[Collected data entries]
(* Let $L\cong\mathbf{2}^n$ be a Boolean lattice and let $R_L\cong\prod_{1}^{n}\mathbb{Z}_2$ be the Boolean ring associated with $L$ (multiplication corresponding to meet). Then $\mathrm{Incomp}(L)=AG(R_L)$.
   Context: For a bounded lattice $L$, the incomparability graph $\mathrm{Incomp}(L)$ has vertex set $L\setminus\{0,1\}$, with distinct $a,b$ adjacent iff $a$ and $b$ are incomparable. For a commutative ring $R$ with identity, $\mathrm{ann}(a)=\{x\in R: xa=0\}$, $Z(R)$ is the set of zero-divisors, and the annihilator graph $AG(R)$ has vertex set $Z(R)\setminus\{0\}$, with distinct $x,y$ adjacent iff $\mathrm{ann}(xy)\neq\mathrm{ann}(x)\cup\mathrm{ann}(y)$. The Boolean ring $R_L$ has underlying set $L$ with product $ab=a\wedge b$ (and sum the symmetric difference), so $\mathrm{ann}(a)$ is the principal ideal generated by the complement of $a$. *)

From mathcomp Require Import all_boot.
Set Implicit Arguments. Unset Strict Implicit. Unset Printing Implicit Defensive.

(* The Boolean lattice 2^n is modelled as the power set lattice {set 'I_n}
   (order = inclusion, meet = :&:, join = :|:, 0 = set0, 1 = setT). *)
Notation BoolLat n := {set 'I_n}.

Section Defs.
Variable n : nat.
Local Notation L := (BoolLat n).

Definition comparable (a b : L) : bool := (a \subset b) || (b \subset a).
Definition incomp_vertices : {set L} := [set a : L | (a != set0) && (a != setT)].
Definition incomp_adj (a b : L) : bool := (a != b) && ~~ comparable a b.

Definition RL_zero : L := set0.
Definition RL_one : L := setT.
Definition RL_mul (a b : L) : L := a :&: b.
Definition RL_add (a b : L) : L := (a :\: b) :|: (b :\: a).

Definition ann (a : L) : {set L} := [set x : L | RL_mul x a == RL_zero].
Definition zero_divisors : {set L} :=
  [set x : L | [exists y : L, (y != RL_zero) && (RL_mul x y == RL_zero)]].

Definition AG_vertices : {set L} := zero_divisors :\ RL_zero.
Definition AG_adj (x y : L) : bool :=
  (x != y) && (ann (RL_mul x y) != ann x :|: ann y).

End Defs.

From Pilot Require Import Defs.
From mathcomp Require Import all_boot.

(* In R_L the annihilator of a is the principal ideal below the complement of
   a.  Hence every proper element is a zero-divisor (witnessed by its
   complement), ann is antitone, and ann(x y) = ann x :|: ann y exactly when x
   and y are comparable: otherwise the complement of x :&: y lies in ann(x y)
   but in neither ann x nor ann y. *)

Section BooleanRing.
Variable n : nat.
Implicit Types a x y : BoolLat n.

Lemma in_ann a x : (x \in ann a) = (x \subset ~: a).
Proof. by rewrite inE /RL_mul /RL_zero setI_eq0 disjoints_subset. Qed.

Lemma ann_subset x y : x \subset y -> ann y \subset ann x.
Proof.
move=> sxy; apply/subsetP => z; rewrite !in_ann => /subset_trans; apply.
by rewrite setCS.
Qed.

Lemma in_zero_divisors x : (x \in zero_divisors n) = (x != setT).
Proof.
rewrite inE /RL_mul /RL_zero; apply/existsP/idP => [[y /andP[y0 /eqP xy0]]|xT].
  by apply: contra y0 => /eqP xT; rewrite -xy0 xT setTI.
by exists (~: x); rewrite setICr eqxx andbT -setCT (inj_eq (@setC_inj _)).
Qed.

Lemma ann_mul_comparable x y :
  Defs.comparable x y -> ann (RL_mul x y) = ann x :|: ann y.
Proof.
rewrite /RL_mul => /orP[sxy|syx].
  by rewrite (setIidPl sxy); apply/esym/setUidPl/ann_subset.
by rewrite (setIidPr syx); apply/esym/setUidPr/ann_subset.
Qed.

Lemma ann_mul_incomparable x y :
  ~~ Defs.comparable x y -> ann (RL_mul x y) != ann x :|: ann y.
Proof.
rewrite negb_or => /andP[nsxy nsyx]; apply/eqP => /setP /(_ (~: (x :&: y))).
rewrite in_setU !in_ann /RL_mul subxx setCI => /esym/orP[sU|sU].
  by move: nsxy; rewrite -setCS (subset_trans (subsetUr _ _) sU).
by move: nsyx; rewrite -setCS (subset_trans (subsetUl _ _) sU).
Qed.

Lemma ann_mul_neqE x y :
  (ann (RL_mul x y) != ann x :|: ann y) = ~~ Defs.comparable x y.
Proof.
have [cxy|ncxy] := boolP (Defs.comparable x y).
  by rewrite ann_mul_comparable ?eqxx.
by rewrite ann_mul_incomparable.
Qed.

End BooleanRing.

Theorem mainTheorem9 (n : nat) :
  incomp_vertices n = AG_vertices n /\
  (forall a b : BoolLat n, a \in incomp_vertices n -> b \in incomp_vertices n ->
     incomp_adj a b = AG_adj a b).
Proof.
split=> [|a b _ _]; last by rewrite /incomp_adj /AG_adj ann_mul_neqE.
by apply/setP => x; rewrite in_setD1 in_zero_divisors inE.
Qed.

...

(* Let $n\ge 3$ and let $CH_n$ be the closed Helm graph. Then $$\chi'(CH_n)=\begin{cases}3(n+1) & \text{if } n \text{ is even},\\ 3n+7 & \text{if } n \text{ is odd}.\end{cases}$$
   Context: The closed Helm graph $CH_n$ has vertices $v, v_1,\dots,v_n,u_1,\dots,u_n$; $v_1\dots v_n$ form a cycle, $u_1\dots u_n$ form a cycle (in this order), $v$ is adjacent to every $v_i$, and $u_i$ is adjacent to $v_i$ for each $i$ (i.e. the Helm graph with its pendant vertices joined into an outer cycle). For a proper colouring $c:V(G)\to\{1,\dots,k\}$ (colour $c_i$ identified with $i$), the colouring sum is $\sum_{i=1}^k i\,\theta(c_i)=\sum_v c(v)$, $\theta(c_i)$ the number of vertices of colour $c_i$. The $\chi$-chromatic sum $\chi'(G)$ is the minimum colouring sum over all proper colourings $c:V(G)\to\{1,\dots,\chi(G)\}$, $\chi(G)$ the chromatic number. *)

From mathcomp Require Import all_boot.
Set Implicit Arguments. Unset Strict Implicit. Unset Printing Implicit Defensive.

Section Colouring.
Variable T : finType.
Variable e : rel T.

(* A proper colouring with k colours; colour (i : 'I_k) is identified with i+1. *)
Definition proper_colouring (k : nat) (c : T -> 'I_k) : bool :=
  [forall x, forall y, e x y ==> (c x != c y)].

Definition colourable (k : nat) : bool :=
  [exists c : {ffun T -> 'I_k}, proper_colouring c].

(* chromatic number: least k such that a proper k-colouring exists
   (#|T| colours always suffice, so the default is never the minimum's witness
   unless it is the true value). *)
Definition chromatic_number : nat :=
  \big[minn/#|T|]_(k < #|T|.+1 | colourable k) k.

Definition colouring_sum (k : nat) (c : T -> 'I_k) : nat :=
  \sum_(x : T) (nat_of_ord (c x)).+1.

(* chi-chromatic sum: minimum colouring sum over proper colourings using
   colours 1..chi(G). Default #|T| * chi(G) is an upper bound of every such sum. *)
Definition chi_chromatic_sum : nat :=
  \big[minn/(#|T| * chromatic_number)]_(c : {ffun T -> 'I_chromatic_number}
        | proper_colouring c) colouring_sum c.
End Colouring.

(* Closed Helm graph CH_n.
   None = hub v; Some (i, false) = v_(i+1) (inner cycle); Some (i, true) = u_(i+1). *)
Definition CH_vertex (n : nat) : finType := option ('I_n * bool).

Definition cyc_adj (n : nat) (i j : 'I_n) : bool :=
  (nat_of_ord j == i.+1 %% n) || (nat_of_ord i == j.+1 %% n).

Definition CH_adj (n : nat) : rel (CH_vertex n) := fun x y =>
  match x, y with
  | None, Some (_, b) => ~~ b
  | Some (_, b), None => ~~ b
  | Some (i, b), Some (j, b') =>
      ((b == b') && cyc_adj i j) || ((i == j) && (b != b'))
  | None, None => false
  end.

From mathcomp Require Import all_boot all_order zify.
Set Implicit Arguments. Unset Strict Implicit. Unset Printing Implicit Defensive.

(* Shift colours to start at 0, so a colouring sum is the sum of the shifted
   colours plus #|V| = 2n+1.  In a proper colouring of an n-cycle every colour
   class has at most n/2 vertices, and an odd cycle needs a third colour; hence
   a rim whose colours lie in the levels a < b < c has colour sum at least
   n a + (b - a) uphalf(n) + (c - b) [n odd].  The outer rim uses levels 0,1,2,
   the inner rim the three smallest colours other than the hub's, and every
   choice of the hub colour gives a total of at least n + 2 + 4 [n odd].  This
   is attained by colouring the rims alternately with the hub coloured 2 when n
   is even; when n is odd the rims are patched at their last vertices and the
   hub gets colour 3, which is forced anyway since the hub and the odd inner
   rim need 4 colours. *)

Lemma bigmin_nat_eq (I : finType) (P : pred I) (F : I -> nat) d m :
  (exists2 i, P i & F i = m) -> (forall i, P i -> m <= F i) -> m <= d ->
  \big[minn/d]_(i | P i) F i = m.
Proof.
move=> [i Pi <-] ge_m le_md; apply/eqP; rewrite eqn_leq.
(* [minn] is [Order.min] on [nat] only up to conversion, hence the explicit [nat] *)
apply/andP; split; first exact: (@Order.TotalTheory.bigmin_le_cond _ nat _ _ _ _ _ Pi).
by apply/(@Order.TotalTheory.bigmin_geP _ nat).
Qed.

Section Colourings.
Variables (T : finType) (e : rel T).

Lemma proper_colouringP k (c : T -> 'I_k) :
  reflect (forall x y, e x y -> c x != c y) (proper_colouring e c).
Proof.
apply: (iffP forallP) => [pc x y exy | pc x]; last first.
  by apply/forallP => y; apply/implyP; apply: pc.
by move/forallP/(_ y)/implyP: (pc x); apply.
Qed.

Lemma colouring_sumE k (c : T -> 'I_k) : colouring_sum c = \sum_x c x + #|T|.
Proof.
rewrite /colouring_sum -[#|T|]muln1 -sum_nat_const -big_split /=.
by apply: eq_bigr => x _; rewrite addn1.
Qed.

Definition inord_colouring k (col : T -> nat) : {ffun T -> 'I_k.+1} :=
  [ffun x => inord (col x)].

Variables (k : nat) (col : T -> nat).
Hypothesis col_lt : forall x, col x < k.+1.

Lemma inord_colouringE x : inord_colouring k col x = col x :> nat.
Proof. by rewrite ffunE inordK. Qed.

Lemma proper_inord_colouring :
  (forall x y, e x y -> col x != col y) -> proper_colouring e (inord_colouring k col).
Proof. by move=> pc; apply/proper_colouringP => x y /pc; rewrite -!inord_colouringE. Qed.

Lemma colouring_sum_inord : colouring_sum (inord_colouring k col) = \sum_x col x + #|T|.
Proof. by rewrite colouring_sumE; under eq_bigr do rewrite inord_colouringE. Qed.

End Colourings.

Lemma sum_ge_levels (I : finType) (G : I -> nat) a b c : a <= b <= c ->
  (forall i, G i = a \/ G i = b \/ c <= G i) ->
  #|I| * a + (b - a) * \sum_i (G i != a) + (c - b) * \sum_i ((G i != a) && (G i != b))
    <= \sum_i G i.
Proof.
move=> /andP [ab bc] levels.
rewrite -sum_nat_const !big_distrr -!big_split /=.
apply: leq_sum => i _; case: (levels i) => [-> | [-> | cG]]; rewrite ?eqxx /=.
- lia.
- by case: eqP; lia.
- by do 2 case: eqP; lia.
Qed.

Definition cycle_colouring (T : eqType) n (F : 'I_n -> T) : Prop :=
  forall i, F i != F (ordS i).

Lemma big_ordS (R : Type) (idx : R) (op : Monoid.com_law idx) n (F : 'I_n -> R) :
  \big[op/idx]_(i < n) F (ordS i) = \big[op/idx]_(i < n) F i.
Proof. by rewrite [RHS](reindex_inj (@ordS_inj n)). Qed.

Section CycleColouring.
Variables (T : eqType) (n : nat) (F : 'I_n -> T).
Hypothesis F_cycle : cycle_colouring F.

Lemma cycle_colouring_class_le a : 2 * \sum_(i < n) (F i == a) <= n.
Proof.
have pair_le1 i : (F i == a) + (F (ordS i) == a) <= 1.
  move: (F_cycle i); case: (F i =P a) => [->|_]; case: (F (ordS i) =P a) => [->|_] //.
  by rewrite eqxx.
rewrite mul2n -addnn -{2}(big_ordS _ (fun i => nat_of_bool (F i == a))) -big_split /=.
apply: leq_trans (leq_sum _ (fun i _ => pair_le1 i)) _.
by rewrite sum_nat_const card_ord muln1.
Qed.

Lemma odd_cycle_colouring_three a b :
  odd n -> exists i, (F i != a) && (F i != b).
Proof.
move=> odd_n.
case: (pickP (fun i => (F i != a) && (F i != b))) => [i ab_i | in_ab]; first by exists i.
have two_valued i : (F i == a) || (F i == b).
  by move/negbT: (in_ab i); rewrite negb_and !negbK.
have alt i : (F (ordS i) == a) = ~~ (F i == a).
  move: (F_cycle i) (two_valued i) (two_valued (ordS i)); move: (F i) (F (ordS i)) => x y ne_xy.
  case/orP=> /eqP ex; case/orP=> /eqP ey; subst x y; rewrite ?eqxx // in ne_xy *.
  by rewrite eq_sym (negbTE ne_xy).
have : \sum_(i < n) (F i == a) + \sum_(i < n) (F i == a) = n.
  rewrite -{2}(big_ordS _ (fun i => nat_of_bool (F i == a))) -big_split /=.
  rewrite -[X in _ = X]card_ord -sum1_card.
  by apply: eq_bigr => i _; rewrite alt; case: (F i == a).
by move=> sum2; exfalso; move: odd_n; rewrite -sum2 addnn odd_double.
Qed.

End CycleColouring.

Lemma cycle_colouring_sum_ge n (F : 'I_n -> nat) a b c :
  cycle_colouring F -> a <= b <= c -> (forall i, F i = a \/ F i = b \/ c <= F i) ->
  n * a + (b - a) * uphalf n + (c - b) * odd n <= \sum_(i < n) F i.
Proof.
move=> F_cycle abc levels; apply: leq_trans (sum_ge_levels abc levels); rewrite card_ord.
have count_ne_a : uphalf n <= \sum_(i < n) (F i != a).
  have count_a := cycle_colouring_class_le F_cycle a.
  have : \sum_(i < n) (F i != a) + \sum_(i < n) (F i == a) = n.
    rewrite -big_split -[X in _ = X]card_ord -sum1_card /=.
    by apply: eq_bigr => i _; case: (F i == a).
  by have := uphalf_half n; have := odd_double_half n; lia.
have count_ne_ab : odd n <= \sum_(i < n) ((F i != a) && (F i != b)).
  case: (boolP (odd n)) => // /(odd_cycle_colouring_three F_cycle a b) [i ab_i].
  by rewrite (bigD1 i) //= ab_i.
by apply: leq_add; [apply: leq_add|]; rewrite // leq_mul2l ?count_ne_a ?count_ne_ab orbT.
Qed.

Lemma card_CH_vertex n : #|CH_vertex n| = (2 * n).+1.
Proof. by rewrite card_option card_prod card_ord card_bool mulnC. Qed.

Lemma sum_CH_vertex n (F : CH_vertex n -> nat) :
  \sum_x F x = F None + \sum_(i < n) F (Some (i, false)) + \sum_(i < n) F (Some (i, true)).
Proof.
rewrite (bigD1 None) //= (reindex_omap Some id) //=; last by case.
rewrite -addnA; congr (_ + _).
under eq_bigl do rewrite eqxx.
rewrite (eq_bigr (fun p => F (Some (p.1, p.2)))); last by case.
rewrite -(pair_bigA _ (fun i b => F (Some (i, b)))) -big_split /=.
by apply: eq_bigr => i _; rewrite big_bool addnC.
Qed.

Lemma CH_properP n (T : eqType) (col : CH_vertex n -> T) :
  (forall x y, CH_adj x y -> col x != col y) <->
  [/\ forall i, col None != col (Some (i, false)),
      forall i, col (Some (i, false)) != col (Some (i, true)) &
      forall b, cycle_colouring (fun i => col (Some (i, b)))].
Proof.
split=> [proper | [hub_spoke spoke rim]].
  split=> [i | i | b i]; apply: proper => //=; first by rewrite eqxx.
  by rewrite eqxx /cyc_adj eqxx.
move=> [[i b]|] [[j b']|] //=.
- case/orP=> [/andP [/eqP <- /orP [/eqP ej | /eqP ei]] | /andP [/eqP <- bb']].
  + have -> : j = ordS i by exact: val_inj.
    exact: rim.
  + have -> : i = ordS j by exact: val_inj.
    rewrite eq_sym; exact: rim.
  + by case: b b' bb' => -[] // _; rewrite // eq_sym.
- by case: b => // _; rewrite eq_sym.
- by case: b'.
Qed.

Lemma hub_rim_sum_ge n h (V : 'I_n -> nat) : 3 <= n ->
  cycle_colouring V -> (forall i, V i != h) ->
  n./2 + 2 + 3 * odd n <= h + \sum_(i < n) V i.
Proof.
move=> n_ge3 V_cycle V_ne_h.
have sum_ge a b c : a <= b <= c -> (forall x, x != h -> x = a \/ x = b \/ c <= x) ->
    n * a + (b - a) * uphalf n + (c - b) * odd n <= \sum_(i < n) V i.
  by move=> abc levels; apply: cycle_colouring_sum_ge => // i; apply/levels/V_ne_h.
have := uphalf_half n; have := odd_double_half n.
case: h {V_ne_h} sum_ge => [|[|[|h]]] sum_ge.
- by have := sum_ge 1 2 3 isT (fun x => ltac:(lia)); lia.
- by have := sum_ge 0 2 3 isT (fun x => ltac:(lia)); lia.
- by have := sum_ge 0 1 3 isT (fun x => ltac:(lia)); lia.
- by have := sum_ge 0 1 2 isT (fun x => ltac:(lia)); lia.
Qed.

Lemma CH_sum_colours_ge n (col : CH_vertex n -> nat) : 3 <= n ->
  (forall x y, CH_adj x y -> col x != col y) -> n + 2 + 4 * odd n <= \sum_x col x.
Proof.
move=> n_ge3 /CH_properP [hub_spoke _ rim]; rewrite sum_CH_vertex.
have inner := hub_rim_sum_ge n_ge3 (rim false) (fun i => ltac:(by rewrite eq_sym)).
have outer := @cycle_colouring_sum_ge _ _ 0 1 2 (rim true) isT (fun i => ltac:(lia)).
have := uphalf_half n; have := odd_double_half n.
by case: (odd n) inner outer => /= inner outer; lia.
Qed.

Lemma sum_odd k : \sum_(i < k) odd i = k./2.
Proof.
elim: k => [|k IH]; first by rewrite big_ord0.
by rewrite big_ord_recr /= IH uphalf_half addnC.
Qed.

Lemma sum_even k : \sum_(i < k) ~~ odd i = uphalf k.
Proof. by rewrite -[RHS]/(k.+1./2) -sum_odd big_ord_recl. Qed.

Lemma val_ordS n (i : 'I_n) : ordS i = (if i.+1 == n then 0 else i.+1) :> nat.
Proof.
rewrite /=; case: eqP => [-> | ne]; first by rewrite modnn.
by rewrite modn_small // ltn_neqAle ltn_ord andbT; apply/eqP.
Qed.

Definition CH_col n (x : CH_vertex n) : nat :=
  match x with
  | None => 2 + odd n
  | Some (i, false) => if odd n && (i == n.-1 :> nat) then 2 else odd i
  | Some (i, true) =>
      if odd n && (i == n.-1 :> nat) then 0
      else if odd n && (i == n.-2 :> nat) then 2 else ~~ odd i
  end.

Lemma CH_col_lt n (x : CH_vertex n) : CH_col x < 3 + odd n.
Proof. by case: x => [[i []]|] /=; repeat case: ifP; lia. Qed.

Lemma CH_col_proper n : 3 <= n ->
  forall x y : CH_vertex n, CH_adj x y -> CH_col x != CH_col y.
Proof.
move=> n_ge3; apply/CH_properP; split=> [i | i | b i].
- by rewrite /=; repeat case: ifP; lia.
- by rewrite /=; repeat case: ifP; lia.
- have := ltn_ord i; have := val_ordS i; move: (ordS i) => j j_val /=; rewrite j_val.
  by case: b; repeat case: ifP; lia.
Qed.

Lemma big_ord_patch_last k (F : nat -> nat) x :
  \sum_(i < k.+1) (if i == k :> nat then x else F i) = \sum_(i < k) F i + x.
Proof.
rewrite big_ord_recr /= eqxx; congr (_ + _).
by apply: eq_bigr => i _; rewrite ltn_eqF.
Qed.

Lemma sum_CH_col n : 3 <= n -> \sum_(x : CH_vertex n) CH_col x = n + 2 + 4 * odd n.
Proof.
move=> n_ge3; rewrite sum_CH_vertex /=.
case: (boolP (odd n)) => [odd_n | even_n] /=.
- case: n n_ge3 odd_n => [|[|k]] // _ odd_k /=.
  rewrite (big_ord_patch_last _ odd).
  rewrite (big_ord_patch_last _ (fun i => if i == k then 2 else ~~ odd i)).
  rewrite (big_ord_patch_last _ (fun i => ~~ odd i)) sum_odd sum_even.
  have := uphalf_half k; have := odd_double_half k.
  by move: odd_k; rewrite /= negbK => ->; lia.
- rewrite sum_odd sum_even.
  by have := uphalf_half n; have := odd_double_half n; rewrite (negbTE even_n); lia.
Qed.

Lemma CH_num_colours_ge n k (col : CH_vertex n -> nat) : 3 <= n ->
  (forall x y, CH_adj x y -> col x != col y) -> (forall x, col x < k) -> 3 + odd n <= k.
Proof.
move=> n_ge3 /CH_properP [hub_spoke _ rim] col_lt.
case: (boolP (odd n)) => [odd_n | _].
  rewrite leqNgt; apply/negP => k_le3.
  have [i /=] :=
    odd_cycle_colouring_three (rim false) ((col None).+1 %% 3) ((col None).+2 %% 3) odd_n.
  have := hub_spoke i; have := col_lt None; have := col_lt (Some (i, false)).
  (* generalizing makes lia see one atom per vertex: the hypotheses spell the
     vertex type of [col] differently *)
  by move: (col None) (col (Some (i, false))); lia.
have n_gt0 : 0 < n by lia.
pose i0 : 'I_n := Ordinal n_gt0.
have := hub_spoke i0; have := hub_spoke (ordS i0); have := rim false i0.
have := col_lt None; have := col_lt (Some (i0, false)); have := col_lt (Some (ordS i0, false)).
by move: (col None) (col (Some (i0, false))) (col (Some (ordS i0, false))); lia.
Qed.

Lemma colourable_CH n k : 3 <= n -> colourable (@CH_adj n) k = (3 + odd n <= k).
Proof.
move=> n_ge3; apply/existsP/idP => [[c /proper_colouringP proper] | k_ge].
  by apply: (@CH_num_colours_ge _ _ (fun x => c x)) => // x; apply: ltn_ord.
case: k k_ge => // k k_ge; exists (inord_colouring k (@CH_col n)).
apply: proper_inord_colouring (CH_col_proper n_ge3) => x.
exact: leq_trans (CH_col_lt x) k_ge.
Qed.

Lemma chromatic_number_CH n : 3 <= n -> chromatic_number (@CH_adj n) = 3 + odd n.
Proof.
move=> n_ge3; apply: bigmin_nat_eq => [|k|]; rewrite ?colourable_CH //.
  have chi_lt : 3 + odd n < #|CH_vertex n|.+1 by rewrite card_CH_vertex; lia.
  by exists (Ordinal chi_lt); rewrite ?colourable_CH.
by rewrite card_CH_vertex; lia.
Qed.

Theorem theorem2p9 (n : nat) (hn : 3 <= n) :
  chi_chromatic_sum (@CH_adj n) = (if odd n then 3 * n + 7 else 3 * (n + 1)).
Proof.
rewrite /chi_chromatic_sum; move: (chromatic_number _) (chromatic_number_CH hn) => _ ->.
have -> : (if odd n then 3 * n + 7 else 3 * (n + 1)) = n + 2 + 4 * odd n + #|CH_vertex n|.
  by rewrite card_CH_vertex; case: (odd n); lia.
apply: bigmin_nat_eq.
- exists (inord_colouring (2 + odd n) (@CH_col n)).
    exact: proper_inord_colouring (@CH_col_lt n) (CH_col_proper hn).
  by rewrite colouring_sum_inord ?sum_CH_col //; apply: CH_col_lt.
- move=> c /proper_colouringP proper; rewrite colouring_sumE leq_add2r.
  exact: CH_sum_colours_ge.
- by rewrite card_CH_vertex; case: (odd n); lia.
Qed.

**EXERCISE DESCRIPTION**:
Give again exactly, and only, the lines above starting at the one with "rewrite inE /RL_mul /RL_zero;" and ending at the one with "have [cxy|ncxy] := boolP".

**THE COMPLETED TASK**:
rewrite inE /RL_mul /RL_zero; apply/existsP/idP => [[y /andP[y0 /eqP xy0]]|xT].
  by apply: contra y0 => /eqP xT; rewrite -xy0 xT setTI.
by exists (~: x); rewrite setICr eqxx andbT -setCT (inj_eq (@setC_inj _)).
Qed.

Lemma ann_mul_comparable x y :
  Defs.comparable x y -> ann (RL_mul x y) = ann x :|: ann y.
Proof.
rewrite /RL_mul => /orP[sxy|syx].
  by rewrite (setIidPl sxy); apply/esym/setUidPl/ann_subset.
by rewrite (setIidPr syx); apply/esym/setUidPr/ann_subset.
Qed.

Lemma ann_mul_incomparable x y :
  ~~ Defs.comparable x y -> ann (RL_mul x y) != ann x :|: ann y.
Proof.
rewrite negb_or => /andP[nsxy nsyx]; apply/eqP => /setP /(_ (~: (x :&: y))).
rewrite in_setU !in_ann /RL_mul subxx setCI => /esym/orP[sU|sU].
  by move: nsxy; rewrite -setCS (subset_trans (subsetUr _ _) sU).
by move: nsyx; rewrite -setCS (subset_trans (subsetUl _ _) sU).
Qed.

Lemma ann_mul_neqE x y :
  (ann (RL_mul x y) != ann x :|: ann y) = ~~ Defs.comparable x y.
Proof.
have [cxy|ncxy] := boolP (Defs.comparable x y).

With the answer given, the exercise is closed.